Personal information
- Full name: Lea Kendall Hansen
- Born: 3 December 1972 (age 53) Kerang, Victoria
- Batting: Right-handed
- Bowling: Left-arm fast-medium
- Role: Bowler

Domestic team information
- 1998/99–1999/00: ACT Comets

Career statistics
| Competition | List A |
| Matches | 12 |
| Runs scored | 2 |
| Batting average | 2.00 |
| 100s/50s | 0/0 |
| Top score | 1* |
| Balls bowled | 510 |
| Wickets | 16 |
| Bowling average | 20.12 |
| 5 wickets in innings | 0 |
| 10 wickets in match | 0 |
| Best bowling | 4/31 |
| Catches/stumpings | 5/– |
- Source: CricketArchive, 10 April 2023

= Lea Hansen (cricketer) =

Australian cricketer

Lea Kendall Hansen (born 3 December 1972) is a former cricketer who played List A cricket for the ACT Comets in the Mercantile Mutual Cup.

==Biography==
Hansen played club cricket in Melbourne for Footscray from 1993/94 to 1995/96. A left-arm fast bowler, he represented Victoria Country at the 1996/97 National Championships.

Before the 1997/98 season he made the decision to move north and play in the ACT, where he signed up with Queanbeyan. He also played Australian rules football with the Queanbeyan Tigers before giving the sport up due to injuries.

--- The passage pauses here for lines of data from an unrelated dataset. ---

(* For each finite set $\tau\subseteq\mathbb{S}$ and each $s\in\mathbb{S}$ there is an MSO sentence $\phi$ over $\mathbb{R}_{\mathrm{tree}}(\mathbb{B}^\tau_{\mathrm{parse}})$ such that for every tree $T\in\mathcal{T}(\mathbb{B}^\tau_{\mathrm{parse}})$: $\|T\|\models\phi$ iff the graph $\mathbf{val}(T)$ has an $s$-source.
   Context: Graphs over a countably infinite set $\mathbb{S}$ of source labels and finite set $\mathbb{A}$ of edge labels: isomorphism classes of finite $\mathbb{A}$-labelled hypergraphs with an injective map $\xi$ from a finite sort into the vertices ($\xi(s)$ is the $s$-source). HR operations: $\mathbf{0}_\sigma$ (one $s$-source for each $s\in\sigma$), $\mathbf{a}_{(s_1,\ldots,s_{\#a})}$ (one $a$-edge on $s_i$-sources), $\mathsf{restrict}_\sigma$ (forget source labels outside $\sigma$; sort $\sigma'\mapsto\sigma\cap\sigma'$), $\mathsf{rename}_\alpha$ ($\alpha$ finite permutation of $\mathbb{S}$; source map $\xi\circ\alpha$), $\parallel$ (disjoint union fusing equally-labelled sources). Trees: with root label $\mathfrak{r}$, trees over an alphabet $\mathbb{B}$ of unary/binary labels are values of ground terms over $\mathbf{c}$ (root with unary $c$-edge), $\mathsf{append}_b$ (new root with a $b$-edge to the old root), $\parallel$ (fuse roots); $\mathcal{T}(\mathbb{B})$ is their set; a tree $T$ is encoded by $\|T\|$ with universe nodes $\cup$ edges over $\mathbb{R}_{\mathrm{tree}}(\mathbb{B})=\{r_b\}_{b\in\mathbb{B}}\cup\{r_\mathfrak{r}\}$ ($r_b(e,\bar n)$: $e$ is a $b$-edge on $\bar n$; $r_\mathfrak{r}$: the root). $\mathbb{B}^\tau_{\mathrm{parse}}$: unary labels $\underline{\mathbf{0}}_{\sigma}$ ($\sigma\subseteq\tau$), $\underline{\mathbf{a}}_{(s_1..)}$ ($s_i\in\tau$), binary labels $\underline{\mathsf{restrict}}_{\sigma}$ ($\sigma\subseteq\tau$), $\underline{\mathsf{rename}}_\alpha$ ($\alpha$ fixing everything outside $\tau$). $\mathbf{val}(T)$ is the value of the HR term obtained from a tree term for $T$ by replacing $\underline{\mathbf{c}}$ by $\mathbf{c}$ and $\mathsf{append}_{\underline b}$ by the HR operation $b$. *)

From mathcomp Require Import all_boot.
From mathcomp Require Import finmap.

Set Implicit Arguments.
Unset Strict Implicit.
Unset Printing Implicit Defensive.



(* Source labels S := nat (countably infinite).
   Edge labels: a finite type A with an arity function ar : A -> nat. *)

(* HR graphs (concrete representatives; vertices are named by nats).   *)
(*   hV : the vertices, hE : the edges (label, attachment sequence),    *)
(*   hS : the source map as a list of pairs (source label, vertex).    *)
Record hgraph (A : Type) := HG {
  hV : seq nat;
  hE : seq (A * seq nat);
  hS : seq (nat * nat) }.

Definition sort_of A (g : hgraph A) : seq nat := [seq p.1 | p <- hS g].

Definition has_source A (g : hgraph A) (s : nat) : Prop := s \in sort_of g.

(* 0_sigma : one s-source for each s in sigma, nothing else *)
Definition hr_zero A (sigma : {fset nat}) : hgraph A :=
  let l := enum_fset sigma in
  HG (iota 0 (size l)) [::] (zip l (iota 0 (size l))).

(* a_(s_1,...,s_n) : one a-edge on the s_i-sources *)
Definition hr_edge A (a : A) (ss : seq nat) : hgraph A :=
  let l := undup ss in
  HG (iota 0 (size l)) [:: (a, [seq index s l | s <- ss])]
     (zip l (iota 0 (size l))).

Definition hr_restrict A (sigma : {fset nat}) (g : hgraph A) : hgraph A :=
  HG (hV g) (hE g) [seq p <- hS g | p.1 \in sigma].

(* rename_alpha (alpha a permutation with inverse alphai): new source map
   xi o alpha, i.e. s is a source of the result at xi (alpha s). *)
Definition hr_rename A (alpha alphai : nat -> nat) (g : hgraph A) : hgraph A :=
  HG (hV g) (hE g) [seq (alphai p.1, p.2) | p <- hS g].

(* parallel composition: disjoint union fusing equally labelled sources *)
Definition src_vertex A (g : hgraph A) (s : nat) : option nat :=
  ohead [seq p.2 | p <- hS g & p.1 == s].

Definition hr_par A (g h : hgraph A) : hgraph A :=
  let N := (\max_(v <- hV g) v).+1 in
  let f v :=
    match ohead [seq p.1 | p <- hS h & p.2 == v] with
    | Some s => match src_vertex g s with Some w => w | None => N + v end
    | None => N + v
    end in
  HG (undup (hV g ++ [seq f v | v <- hV h]))
     (hE g ++ [seq (e.1, [seq f v | v <- e.2]) | e <- hE h])
     (hS g ++ [seq (p.1, f p.2) | p <- hS h & p.1 \notin sort_of g]).

Inductive plab (A : Type) :=
| PZero of {fset nat}
| PEdge of A & seq nat
| PRestrict of {fset nat}
| PRename of (nat -> nat) & (nat -> nat).   (* binary : underline rename_alpha,
                                               given with its inverse *)

Definition plab_unary A (b : plab A) : bool :=
  match b with PZero _ | PEdge _ _ => true | _ => false end.

(* number of nodes an r_b-edge is attached to (1 for unary, 2 for binary) *)
Definition plab_arity A (b : plab A) : nat := if plab_unary b then 1 else 2.

Definition in_Bparse (A : Type) (ar : A -> nat) (tau : {fset nat}) (b : plab A)
  : Prop :=
  match b with
  | PZero sigma => (sigma `<=` tau)%fset
  | PEdge a ss => size ss = ar a /\ all (fun s => s \in tau) ss
  | PRestrict sigma => (sigma `<=` tau)%fset
  | PRename alpha alphai =>
      cancel alpha alphai /\ cancel alphai alpha /\
      (forall x, x \notin tau -> alpha x = x)
  end.

(* Trees: ground terms over c, append_b, ||                            *)
Inductive tterm (A : Type) :=
| TLeaf of plab A                  (* c : root with a unary c-edge *)
| TApp of plab A & tterm A
| TPar of tterm A & tterm A.       (* fuse roots *)

Fixpoint in_TB A (ar : A -> nat) (tau : {fset nat}) (t : tterm A) : Prop :=
  match t with
  | TLeaf c => plab_unary c /\ in_Bparse ar tau c
  | TApp b t' => ~~ plab_unary b /\ in_Bparse ar tau b /\ in_TB ar tau t'
  | TPar t1 t2 => in_TB ar tau t1 /\ in_TB ar tau t2
  end.

(* concrete tree: (number of nodes, root, edges (label, attached nodes)).
   Nodes are 0 .. n-1. For append_b the new b-edge is on (new root, old root). *)
Fixpoint build A (t : tterm A) : nat * nat * seq (plab A * seq nat) :=
  match t with
  | TLeaf c => (1, 0, [:: (c, [:: 0])])
  | TApp b t' =>
      let: (n, r, E) := build t' in (n.+1, n, rcons E (b, [:: n; r]))
  | TPar t1 t2 =>
      let: (n1, r1, E1) := build t1 in
      let: (n2, r2, E2) := build t2 in
      let f v := if v == r2 then r1 else if v < r2 then n1 + v else n1 + v - 1 in
      (n1 + n2 - 1, r1, E1 ++ [seq (e.1, [seq f v | v <- e.2]) | e <- E2])
  end.

(* relational structures over R_tree(B): universe {0,...,usize-1},
   relations r_b (b a label) and r_root *)
Record rstruct (A : Type) := RS {
  usize : nat;
  urel : plab A -> seq nat -> Prop;
  uroot : nat -> Prop }.

(* ||T|| : universe = nodes (0..n-1) and edges (n..n+|E|-1);
   r_b(e, nbar) iff e is a b-edge on nbar; r_root(x) iff x is the root *)
Definition enc A (t : tterm A) : rstruct A :=
  let: (n, r, E) := build t in
  RS (n + size E)
     (fun b xs => exists i, [/\ i < size E,
                  (nth (b, [::]) E i).1 = b &
                  xs = (n + i) :: (nth (b, [::]) E i).2])
     (fun x => x = r).

Inductive mso (A : Type) :=
| MRel of plab A & nat & seq nat
| MRoot of nat
| MEq of nat & nat
| MIn of nat & nat                 (* x in X *)
| MNot of mso A
| MAnd of mso A & mso A
| MOr of mso A & mso A
| MEx1 of nat & mso A              (* exists first-order x *)
| MEx2 of nat & mso A.             (* exists set X *)

Fixpoint fv1 A (f : mso A) : seq nat :=
  match f with
  | MRel _ x ys => x :: ys
  | MRoot x => [:: x]
  | MEq x y => [:: x; y]
  | MIn x _ => [:: x]
  | MNot g => fv1 g
  | MAnd g h | MOr g h => fv1 g ++ fv1 h
  | MEx1 x g => [seq y <- fv1 g | y != x]
  | MEx2 _ g => fv1 g
  end.

Fixpoint fv2 A (f : mso A) : seq nat :=
  match f with
  | MIn _ X => [:: X]
  | MRel _ _ _ | MRoot _ | MEq _ _ => [::]
  | MNot g => fv2 g
  | MAnd g h | MOr g h => fv2 g ++ fv2 h
  | MEx1 _ g => fv2 g
  | MEx2 X g => [seq Y <- fv2 g | Y != X]
  end.

Definition is_sentence A (f : mso A) : Prop := fv1 f = [::] /\ fv2 f = [::].

Fixpoint over_Rtree A (ar : A -> nat) (tau : {fset nat}) (f : mso A) : Prop :=
  match f with
  | MRel b _ ys => in_Bparse ar tau b /\ size ys = plab_arity b
  | MRoot _ | MEq _ _ | MIn _ _ => True
  | MNot g | MEx1 _ g | MEx2 _ g => over_Rtree ar tau g
  | MAnd g h | MOr g h => over_Rtree ar tau g /\ over_Rtree ar tau h
  end.

Definition upd {T} (e : nat -> T) (x : nat) (v : T) : nat -> T :=
  fun y => if y == x then v else e y.

Fixpoint sat A (M : rstruct A) (e1 : nat -> nat) (e2 : nat -> nat -> Prop)
  (f : mso A) : Prop :=
  match f with
  | MRel b x ys => urel M b (e1 x :: [seq e1 y | y <- ys])
  | MRoot x => uroot M (e1 x)
  | MEq x y => e1 x = e1 y
  | MIn x X => e2 X (e1 x)
  | MNot g => ~ sat M e1 e2 g
  | MAnd g h => sat M e1 e2 g /\ sat M e1 e2 h
  | MOr g h => sat M e1 e2 g \/ sat M e1 e2 h
  | MEx1 x g => exists u, u < usize M /\ sat M (upd e1 x u) e2 g
  | MEx2 X g => exists P : nat -> Prop,
      (forall u, P u -> u < usize M) /\ sat M e1 (upd e2 X P) g
  end.

(* M |= phi for a sentence phi (environments are irrelevant) *)
Definition models A (M : rstruct A) (f : mso A) : Prop :=
  sat M (fun _ => 0) (fun _ _ => False) f.

Definition const_op A (c : plab A) : hgraph A :=
  match c with
  | PZero sigma => hr_zero A sigma
  | PEdge a ss => hr_edge a ss
  | _ => HG [::] [::] [::] (* not a unary label: never occurs in T(B) *)
  end.

Definition unary_op A (b : plab A) (g : hgraph A) : hgraph A :=
  match b with
  | PRestrict sigma => hr_restrict sigma g
  | PRename alpha alphai => hr_rename alpha alphai g
  | _ => g (* not a binary label: never occurs in T(B) *)
  end.

Fixpoint hr_value A (t : tterm A) : hgraph A :=
  match t with
  | TLeaf c => const_op c
  | TApp b t' => unary_op b (hr_value t')
  | TPar t1 t2 => hr_par (hr_value t1) (hr_value t2)
  end.

From mathcomp Require Import all_boot finmap zify.
From Stdlib Require Import Classical FunctionalExtensionality.
From Stdlib Require List.

Set Implicit Arguments.
Unset Strict Implicit.
Unset Printing Implicit Defensive.

(* A source label q of val(T) is created at a leaf 0_sigma (q in sigma) or
   a_(s_1,...,s_k) (q among the s_i), and travels up towards the root, being
   dropped by restrict_sigma unless q is in sigma, replaced by alpha^-1 q by
   rename_alpha, and kept by ||.  Read top-down, this is a tree automaton whose
   states are source labels: s is a source of val(T) iff from the configuration
   (root, s) one reaches, going down a restrict_sigma-edge in a state q in sigma
   or down a rename_alpha-edge with q turned into alpha q, a leaf creating the
   current state.  Starting from s only the finitely many states {s} u tau occur,
   so the sentence can say "every family (X_q) of node sets that contains the
   root in X_s and is closed under the transitions contains a creating leaf";
   this holds iff the least such family, the reachable configurations, does.
   The sentence needs one clause per label of B^tau_parse, and these are
   finitely many because a renaming fixing everything outside tau is
   determined by its values on tau. *)

Lemma InP (T : eqType) (x : T) (s : seq T) : reflect (List.In x s) (x \in s).
Proof.
apply: (iffP idP); elim: s => //= y s IH; rewrite inE.
- by case/orP=> [/eqP ->|/IH]; [left | right].
- by case=> [->|/IH ->]; rewrite ?eqxx ?orbT.
Qed.

Lemma In_nth T (d : T) (x : T) (s : seq T) :
  List.In x s <-> exists2 i, i < size s & nth d s i = x.
Proof.
elim: s => [|y s IH] /=; first by split=> // [[]].
split.
- case=> [<-|/IH [i lt_i <-]]; first by exists 0.
  by exists i.+1.
- case=> [[|i]] /= lt_i x_i; first by left.
  by right; apply/IH; exists i.
Qed.

Lemma In_allpairs S T R (f : S -> T -> R) (s : seq S) (t : S -> seq T) x y :
  List.In x s -> List.In y (t x) -> List.In (f x y) [seq f x y | x <- s, y <- t x].
Proof.
elim: s => //= z s IH [<-|s_x] t_y; apply/List.in_app_iff; first by left; apply: List.in_map.
by right; apply: IH.
Qed.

In 1998/99 he joined the ACT Comets, which were in their second season competing in Australia's domestic limited overs competition. He featured in all six matches the team played and won the Comets player of the season award, after taking 11 wickets at 15.63, which was the most for the Comets and equal fourth overall. Midway through the season he had the distinction of playing for the Prime Minister's XI against the touring England Ashes team.

Following his first season of domestic cricket, Hansen was a surprise selection in Australia A's touring side to play a series against India A in the United States He played in four of Australia A's five matches on the tour, which all had List A status and were held at Woodley Cricket Field in Los Angeles. In one match he dismissed V. V. S. Laxman for a duck and he claimed the wicket of Virender Sehwag in another.

Hansen remained with the Comets for the 1999/2000 season and featured in two matches. It was to be the Comets final season in the competition, but in 2000/01 he got an opportunity to return to his home state as a member of the Victorian squad. He was with the Victorian team for just one season, during which time his appearances were restricted to the Second XI.